Background information
- Also known as: brother
- Born: 15 December 1998 (age 27) Oxford, England
- Origin: Cambridge, England
- Genres: Indie pop; bedroom pop; indie rock; lo-fi; indie folk;
- Occupations: Singer-songwriter; record producer; YouTuber;
- Instruments: Vocals; ukulele; kazoo; guitar; melodica; keyboards;
- Years active: 2012–present
- Labels: Sire; Triple Crown;
- Website: cave.town

YouTube information
- Channel: Cavetown;
- Genres: Music; vlogging;
- Subscribers: 2.26 million
- Views: 649.412 million

= Cavetown =

English singer-songwriter (born 1998)

Robin Daniel Skinner (born ), known professionally as Cavetown (sometimes stylised in all lowercase), is an English singer-songwriter, record producer, and YouTuber. His (Note: Skinner uses he/him and they/them pronouns. This article uses he/him for consistency.) style blends elements of indie rock, indie pop, and bedroom pop with mellow, gentle ukulele and guitar ballads.

As of April 2026, he had amassed over 7 million streams on Amazon Music and 4.6 million monthly streamers on Spotify. As of April 2026, his YouTube channel, which he began in November 2012, sits at 2.26 million subscribers and over 612 million video views. Skinner released his sixth studio album, Running with Scissors, in January 2026.

== Early life ==
Skinner was born in Oxford, England, on 15 December 1998. His interest in music was inspired by his father, David Skinner, a musicologist and choir director, who taught him how to play the acoustic guitar at the age of eight. His mother is a professional Baroque flautist and music teacher. He was raised in Cambridge and attended Parkside Community College from 2010 to 2015 and Hills Road Sixth Form College until 2017.

== Career ==
=== 2012–2015: YouTube and Bandcamp ===
Skinner began his YouTube channel in November 2012 and uploaded his first video, an original song named "Haunted Lullaby", in October 2013. Soon after, Skinner began releasing music to Bandcamp with his first album, Everything Is Made of Clouds, at the age of 14. He released Gd Vibes, Nervous Friends // Pt. 1, Balance (as brother) and Everything is Made of Stars on Bandcamp over the following two years. Critics expressed that he felt "the acceptance of ignorance" on Gd Vibes. Skinner released his debut single "This is Home" in August 2015, before releasing his debut self-titled album in November 2015. Critics described the album Cavetown as "an eclectic mix of acoustic and electronic". Skinner continued to publish covers of songs onto his YouTube channel from artists such as Pinegrove, Twenty One Pilots and Joji.

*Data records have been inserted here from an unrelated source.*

Lemma lipschitz_continuous L (k : R) :
  (forall x y, `|L x - L y| <= k * `|x - y|) -> continuous L.
Proof.
move=> Lk x; apply/cvgrPdist_lt => e e0.
have k1 : 0 < `|k| + 1 by rewrite ltr_wpDl.
near=> y; apply: (le_lt_trans (Lk x y)).
apply: (le_lt_trans (y := (`|k| + 1) * `|x - y|)).
  by apply: ler_wpM2r => //; rewrite (le_trans (ler_norm k)) // lerDl.
rewrite mulrC -ltr_pdivlMr //; near: y.
by apply: (@cvgr_dist_lt _ _ _ (nbhs x) _ id x cvg_id); rewrite divr_gt0.
Unshelve. all: by end_near. Qed.

End LinearMaps.

Section Functionals.
Variables (R : realType) (U : normedModType R).
Implicit Type l : U -> R.

Lemma bounded_functional_le_norm l (K : R) : is_linear (l : U -> R^o) ->
  (forall y, `|l y| <= K * `|y|) -> bounded_functional l.
Proof.
move=> ll lK; split => //; apply: (lipschitz_continuous (k := K)) => x y.
by rewrite -(is_linearB ll); exact: lK.
Qed.

Lemma dual_norm_le l (K : R) : 0 <= K ->
  (forall y, `|l y| <= K * `|y|) -> dual_norm l <= K.
Proof.
move=> K0 lK; apply: ge_sup; first by exists `|l 0|, 0 => //=; rewrite normr0.
move=> _ [y /= y1 <-]; apply: (le_trans (lK y)).
by rewrite -[leRHS]mulr1 ler_wpM2l.
Qed.

Lemma bounded_functional_comp (Y : normedModType R) (Df : U -> R) (Dg : U -> Y)
    (ys : Y -> R) : bounded_functional Df -> bounded_linear Dg ->
  bounded_functional ys -> bounded_functional (fun h => - (Df h + ys (Dg h))).
Proof.
move=> [Dfl Dfc] [Dgl Dgc] [ysl ysc]; split.
  by move=> c u v /=; rewrite Dfl Dgl ysl /GRing.scale /=; ring.
move=> x; apply: cvgN; apply: cvgD; first exact: Dfc.
exact: continuous_comp (Dgc x) (ysc (Dg x)).
Qed.

Lemma polar_cone_setT l : polar_cone setT l -> forall h, l h = 0.
Proof.
move=> [[ll _] l_le0] h; apply/eqP; rewrite eq_le l_le0 //=.
by rewrite -oppr_le0 -(is_linearN ll) l_le0.
Qed.

End Functionals.

Section ConicHull.
Variables (R : realType) (X : normedModType R) (T : set X).

Definition conic_hull : set X :=
  [set k | k = 0 \/ exists2 t, 0 < t & exists2 h, T h & k = t *: h].

Lemma conic_hull_sub : T `<=` conic_hull.
Proof. by move=> h Th; right; exists 1 => //; exists h; rewrite ?scale1r. Qed.

Lemma conic_hullZ t k : 0 < t -> conic_hull k -> conic_hull (t *: k).
Proof.
move=> t0 [->|[u u0 [h Th ->]]]; first by left; rewrite scaler0.
by right; exists (t * u); [rewrite mulr_gt0 | exists h; rewrite // scalerA].
Qed.

Lemma conic_hullD k1 k2 : convex_set_of T ->
  conic_hull k1 -> conic_hull k2 -> conic_hull (k1 + k2).
Proof.
move=> convT [->|[t1 t10 [h1 T1 ->]]]; first by rewrite add0r.
move=> [->|[t2 t20 [h2 T2 ->]]].
  by rewrite addr0; right; exists t1 => //; exists h1.
have t0 : 0 < t1 + t2 by rewrite addr_gt0.
pose mu := t1 / (t1 + t2).
have mu01 : 0 <= mu <= 1.
  by rewrite /mu divr_ge0 ?(ltW t0) ?(ltW t10) //= ler_pdivrMr // mul1r lerDl ltW.
right; exists (t1 + t2) => //.
exists (mu *: h1 + (1 - mu) *: h2); first exact: convT.
have -> : 1 - mu = t2 / (t1 + t2) by rewrite /mu; field; rewrite gt_eqF.
by rewrite scalerDr !scalerA !mulrA !(mulrC (t1 + t2)) !mulfK ?gt_eqF.
Qed.

End ConicHull.

Section LagrangeMultiplier.
Variables (R : realType) (X Y : normedModType R) (Df : X -> R) (Dg : X -> Y).
Variables (K : R) (T : set X).
Hypotheses (Dfb : bounded_functional Df) (Dgb : bounded_linear Dg).
Hypotheses (K0 : 0 <= K) (convT : convex_set_of T).
Hypothesis T_ge0 : forall h, T h -> 0 <= Df h + K * `|Dg h|.

(* The epigraph of the sublinear function
   [y |-> inf {Df k + K |y - Dg k| | k in conic_hull T}]. *)
Definition multiplier_rel : set (Y * R) :=
  [set p | exists2 k, conic_hull T k & Df k + K * `|p.1 - Dg k| <= p.2].

Lemma multiplier_relD y1 r1 y2 r2 : multiplier_rel (y1, r1) ->
  multiplier_rel (y2, r2) -> multiplier_rel (y1 + y2, r1 + r2).
Proof.
have [[Dfl _] [Dgl _]] := (Dfb, Dgb).
move=> [k1 T1 /= E1] [k2 T2 /= E2]; exists (k1 + k2); first exact: conic_hullD.
rewrite /= (is_linearD Dfl) (is_linearD Dgl).
have : `|y1 + y2 - (Dg k1 + Dg k2)| <= `|y1 - Dg k1| + `|y2 - Dg k2|.
  by rewrite opprD addrACA ler_normD.
move/(ler_wpM2l K0); rewrite mulrDr; lra.
Qed.

Lemma multiplier_relZ y r t : 0 < t ->
  multiplier_rel (y, r) -> multiplier_rel (t *: y, t * r).
Proof.
have [[Dfl _] [Dgl _]] := (Dfb, Dgb).
move=> t0 [k Tk /= E]; exists (t *: k); first exact: conic_hullZ.
rewrite /= (is_linearZ Dfl) (is_linearZ Dgl) -scalerBr normrZ gtr0_norm //.
by rewrite mulrCA -mulrDr ler_pM2l.
Qed.

Lemma multiplier_rel_norm y : multiplier_rel (y, K * `|y|).
Proof.
have [[Dfl _] [Dgl _]] := (Dfb, Dgb).
by exists 0; [left | rewrite /= (is_linear0 Dfl) (is_linear0 Dgl) subr0 add0r].
Qed.

Lemma multiplier_rel0_ge0 r : multiplier_rel (0, r) -> 0 <= r.
Proof.
have [[Dfl _] [Dgl _]] := (Dfb, Dgb).
move=> [k [->|[t t0 [h Th ->]]]] /=.
  by rewrite (is_linear0 Dfl) (is_linear0 Dgl) subr0 normr0 mulr0 addr0.
rewrite (is_linearZ Dfl) (is_linearZ Dgl) sub0r normrN normrZ gtr0_norm //.
rewrite mulrCA -mulrDr; apply: le_trans.
by apply: mulr_ge0; [exact: ltW | exact: T_ge0].
Qed.

Theorem lagrange_multiplier : exists ys : Y -> R,
  [/\ bounded_functional ys, dual_norm ys <= K &
      polar_cone T (fun h => - (Df h + ys (Dg h)))].
Proof.
have [l [l_lin l_dom]] := sublinear_hahn_banach multiplier_relD multiplier_relZ
  (fun y => ex_intro (fun r => multiplier_rel (y, r)) _ (multiplier_rel_norm y))
  multiplier_rel0_ge0.
have ll : is_linear (l : Y -> R^o) := l_lin.
have lK y : `|l y| <= K * `|y|.
  rewrite ler_norml (l_dom _ _ (multiplier_rel_norm y)) andbT.
  rewrite lerNl -(is_linearN ll) -(normrN y).
  exact: l_dom (multiplier_rel_norm _).
have ysb : bounded_functional (fun y => - l y).
  apply: (bounded_functional_le_norm (K := K)) => [c u v|y].
    by rewrite /= l_lin opprD -mulrN.
  by rewrite normrN.
exists (fun y => - l y); split => //.
  by apply: dual_norm_le => // y; rewrite normrN.
split; first exact: bounded_functional_comp Dfb Dgb ysb.
move=> h Th; rewrite oppr_le0 subr_ge0; apply: l_dom.
by exists h; [exact: conic_hull_sub | rewrite /= subrr normr0 mulr0 addr0].
Qed.

End LagrangeMultiplier.

Lemma cvg_addr_limf_einf_ge0 (R : realType) (U : choiceType)
    (T : filteredType U) (F : set_system T) {FF : Filter F} (u w : T -> R)
    (L k : R) :
  0 < k -> u @ F --> L -> (\forall t \near F, 0 <= u t + k * w t) ->
  (0 <= L%:E + k%:E * limf_einf (fun t => (w t)%:E) F)%E.
Proof.
move=> k0 uL uw.
have liminf_ge eta : 0 < eta ->
    ((- (L + eta) / k)%:E <= limf_einf (fun t => (w t)%:E) F)%E.
  move=> eta0; rewrite limf_einfE.
  pose V := [set t : T | 0 <= u t + k * w t /\ u t < L + eta].
  have FV : F V.
    near=> t; split; first by near: t.
    by near: t; apply: cvgr_lt uL _ _; rewrite ltrDl.
  apply: (@le_trans _ _ (ereal_inf ((fun t => (w t)%:E) @` V))); last first.
    by apply: ereal_sup_ubound; exists V.
  apply: le_ereal_inf_tmp => _ [t [t1 t2] <-].
  by rewrite lee_fin ler_pdivrMr // mulrC; lra.
move: liminf_ge; case: (limf_einf _ _) => [d| |] liminf_ge.
- rewrite -EFinM -EFinD lee_fin leNgt; apply/negP => Ld.
  have := liminf_ge (- (L + k * d) / 2); rewrite lee_fin ler_pdivrMr //.
  by rewrite mulrC => /(_ ltac:(lra)); lra.
- by rewrite gt0_muley ?lte_fin // addey.
- by have := liminf_ge 1 ltr01.
Unshelve. all: by end_near. Qed.

Lemma near_right_line (R : realType) (X : normedModType R) (x0 h : X)
    (P : X -> Prop) :
  (\forall x \near x0, P x) -> \forall t \near (0 : R)^'+, P (x0 + t *: h).
Proof.
have id0 : (fun t : R => t) @ 0^'+ --> (0 : R).
  by apply: cvg_at_right_filter; exact: cvg_id.
have := cvgD (cvg_cst x0) (cvgZ id0 (cvg_cst h)).
by rewrite scale0r addr0; apply.
Qed.

Section DistanceFunction.
Variables (R : realType) (U : normedModType R).
Implicit Types (A : set U) (x y z : U).

Lemma dist_set_lbound A x : has_lbound [set `|x - a| | a in A].
Proof. by exists 0 => _ [a _ <-]. Qed.

Lemma dist_set_le A x z : A z -> dist_set A x <= `|x - z|.
Proof. by move=> Az; apply: ge_inf; [exact: dist_set_lbound | exists z]. Qed.

Lemma dist_set_ge0 A x : A !=set0 -> 0 <= dist_set A x.
Proof.
move=> [a Aa]; apply: lb_le_inf; first by exists `|x - a|, a.
by move=> _ [b _ <-].
Qed.

Lemma dist_set_mem A x : A x -> dist_set A x = 0.
Proof.
move=> Ax; apply/le_anti; rewrite dist_set_ge0 ?andbT; last by exists x.
by have := dist_set_le x Ax; rewrite subrr normr0.
Qed.

Lemma dist_set_approx A x eps : A !=set0 -> 0 < eps ->
  exists2 z, A z & `|x - z| < dist_set A x + eps.
Proof.
move=> [a Aa] eps0.
have [_ [z Az <-] xz] := inf_adherent eps0
  (conj (ex_intro _ `|x - a| (ex_intro2 _ _ a Aa erefl)) (dist_set_lbound A x)).
by exists z.
Qed.

Lemma dist_set_lipschitz A x y : A !=set0 ->
  dist_set A x <= `|x - y| + dist_set A y.
Proof.
move=> An; rewrite -lerBlDl; apply: lb_le_inf.
  by case: An => a Aa; exists `|y - a|, a.
move=> _ [a Aa <-]; rewrite lerBlDl; apply: (le_trans (dist_set_le x Aa)).
by rewrite ler_distD.
Qed.

End DistanceFunction.

Section ClarkeTangentCone.
Variables (R : realType) (U : normedModType R) (A : set U) (x0 : U).

Lemma clarke_tangent_cone0 : clarke_tangent_cone A x0 0.
Proof.
move=> e e0; exists 1 => // y Ay _ t t0 _.
by rewrite scaler0 addr0 dist_set_mem // mul0r normr0.
Qed.

Lemma clarke_tangent_coneZ h lam : clarke_tangent_cone A x0 h -> 0 <= lam ->
  clarke_tangent_cone A x0 (lam *: h).
Proof.
move=> Th; rewrite le_eqVlt => /orP[/eqP <-|lam0].
  by rewrite scale0r; exact: clarke_tangent_cone0.
move=> e e0; have [d d0 Hd] := Th (e / lam) (divr_gt0 e0 lam0).
exists (Num.min d (d / lam)); first by rewrite lt_min d0 divr_gt0.
move=> y Ay; rewrite lt_min => /andP[yd _] t t0; rewrite lt_min => /andP[_ td].
have tlam0 : 0 < t * lam by rewrite mulr_gt0.
have := Hd y Ay yd (t * lam) tlam0; rewrite -ltr_pdivlMr // => /(_ td) Hlt.
rewrite scalerA; set D := dist_set _ _.
have -> : D / t = D / (t * lam) * lam by field; rewrite !gt_eqF.
by rewrite normrM (gtr0_norm lam0) -ltr_pdivlMr.
Qed.

Lemma clarke_tangent_coneD h1 h2 : A !=set0 -> clarke_tangent_cone A x0 h1 ->
  clarke_tangent_cone A x0 h2 -> clarke_tangent_cone A x0 (h1 + h2).
Proof.
move=> An T1 T2 e e0.
have e30 : 0 < e / 3 by rewrite divr_gt0.
have [d1 d10 H1] := T1 _ e30; have [d2 d20 H2] := T2 _ e30.
have k0 : 0 < 2 + e + `|h1| by rewrite ltr_wpDr // ltr_wpDr ?ltW.
pose q := d2 / (2 + e + `|h1|).
have q0 : 0 < q by rewrite divr_gt0.
have qE : q * 2 + q * e + q * `|h1| = d2 by rewrite -!mulrDr /q divfK ?gt_eqF.
exists (Num.min d1 (Num.min d2 q)); first by rewrite !lt_min d10 d20 q0.
move=> y Ay; rewrite !lt_min => /and3P[yd1 _ yq] t t0.
rewrite !lt_min => /and3P[td1 td2 tq].
have dist_ge0 z : 0 <= dist_set A z / t by rewrite divr_ge0 ?dist_set_ge0 ?ltW.
have := H1 y Ay yd1 t t0 td1; rewrite ger0_norm // ltr_pdivrMr // => hd1.
(* [y'] is a near-projection of [y + t h1] onto [A]; the [h2]-estimate is
   applied at [y'], which stays close to [x0]. *)
have [y' Ay' yy'] := dist_set_approx (y + t *: h1) An (mulr_gt0 t0 e30).
have y'd2 : `|y' - x0| < d2.
  have : `|y' - x0| <= `|y + t *: h1 - y'| + `|y - x0| + t * `|h1|.
    rewrite distrC (le_trans (ler_distD (y + t *: h1) _ _)) //.
    rewrite [leLHS]addrC -[leRHS]addrA lerD2l distrC.
    by rewrite addrAC (le_trans (ler_normD _ _)) // normrZ gtr0_norm.
  have : t * e <= q * e by rewrite ler_pM2r // ltW.
  have : 0 <= q * e by rewrite mulr_ge0 // ltW.
  have : e / 3 * t = t * e / 3 /\ t * (e / 3) = t * e / 3 by split; ring.
  have : t * `|h1| <= q * `|h1| by rewrite ler_wpM2r // ltW.
  move: qE; lra.
have := H2 y' Ay' y'd2 t t0 td2; rewrite ger0_norm // ltr_pdivrMr // => hd2.
rewrite ger0_norm // ltr_pdivrMr //.
apply: (le_lt_trans (dist_set_lipschitz _ (y' + t *: h2) An)).
rewrite scalerDr addrA opprD addrACA subrr addr0; lra.
Qed.

Lemma clarke_tangent_cone_convex : A !=set0 ->
  convex_set_of (clarke_tangent_cone A x0).
Proof.
move=> An u v Tu Tv t /andP[t0 t1]; apply: clarke_tangent_coneD => //.
  exact: clarke_tangent_coneZ.
by apply: clarke_tangent_coneZ; rewrite // subr_ge0.
Qed.

Lemma clarke_tangent_cone_dist_cvg h : A x0 -> clarke_tangent_cone A x0 h ->
  (fun t => dist_set A (x0 + t *: h) / t) @ 0^'+ --> 0.
Proof.
move=> Ax0 Th; apply/cvgrPdist_lt => e e0; have [d d0 Hd] := Th e e0.
near=> t; rewrite sub0r normrN; apply: Hd; rewrite ?subrr ?normr0 //.
Unshelve. all: by end_near. Qed.

End ClarkeTangentCone.

Section NormBalls.
Variables (R : realType) (X : normedModType R) (x0 : X).

Lemma near_norm_lt e : 0 < e -> \forall x \near x0, `|x - x0| < e.
Proof.
move=> e0; apply: filterS (near_ball x0 e e0) => x.
by rewrite -ball_normE /= distrC.
Qed.

Lemma near_norm_le e : 0 < e -> \forall x \near x0, `|x - x0| <= e.
Proof. by move=> e0; apply: filterS (near_norm_lt e0) => x /ltW. Qed.

End NormBalls.

Section ExactPenalization.
Variables (R : realType) (X : normedModType R) (Phi : X -> R) (A : set X).
Variables (x0 : X) (L rho : R).
Hypotheses (L0 : 0 < L) (rho0 : 0 < rho) (Ax0 : A x0).
Hypothesis Phi_lip : forall x y, `|x - x0| <= rho -> `|y - x0| <= rho ->
  Phi x <= Phi y + L * `|x - y|.
Hypothesis Phi_min : \forall x \near x0, A x -> Phi x0 <= Phi x.

(* Clarke's exact penalization: compare [z] with a near-projection [c] onto
   [A], which is close enough to [x0] for both hypotheses to apply. *)
Lemma exact_penalization : \forall z \near x0, Phi x0 <= Phi z + L * dist_set A z.
Proof.
have [e e0 ball_min] := (nbhs_normP _ _).1 Phi_min.
pose eta := Num.min rho e / 3.
have eta0 : 0 < eta by rewrite divr_gt0 // lt_min rho0 e0.
have eta_rho : 3 * eta <= rho by rewrite /eta mulrC divfK // ge_min lexx.
have eta_e : 3 * eta <= e by rewrite /eta mulrC divfK // ge_min lexx orbT.
near=> z; apply/ler_addgt0Pr => eps eps0.
have zx0 : `|z - x0| < eta by near: z; exact: near_norm_lt.
pose del := Num.min (eps / L) eta.
have del0 : 0 < del by rewrite lt_min eta0 divr_gt0.
have del_eps : L * del <= eps by rewrite mulrC -ler_pdivlMr // ge_min lexx.
have del_eta : del <= eta by rewrite ge_min lexx orbT.
have [c Ac zc] := dist_set_approx z (ex_intro _ x0 Ax0) del0.
have dz : dist_set A z <= `|z - x0| := dist_set_le z Ax0.
have cx0 : `|c - x0| < 3 * eta.
  by rewrite (le_lt_trans (ler_distD z _ _)) // distrC; lra.
have Phi_c : Phi x0 <= Phi c.
  by apply: ball_min Ac; rewrite /ball_ /= distrC; lra.
have := @Phi_lip c z ltac:(lra) ltac:(lra).
have : L * `|c - z| <= L * dist_set A z + L * del.
  by rewrite -mulrDr ler_pM2l // distrC ltW.
lra.
Unshelve. all: by end_near. Qed.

=== 2016–2018: 16/04/16 and Lemon Boy ===
In 2016, Skinner released his second studio album, 16/04/16. The album includes a mix of "warm, melodic bedroom pop" and "lo-fi indie rock". The album was dedicated to his childhood friend, Jack Graham, who died of leukaemia on the album's titular date. 60% of the album's proceeds were donated to Cancer Research UK.

In January 2018, he released his third album, Lemon Boy. In June later that year, he released the EP, Dear.

=== 2019–2021: Animal Kingdom, Sleepyhead and Man's Best Friend ===

Cavetown performing "Boys Will Be Bugs".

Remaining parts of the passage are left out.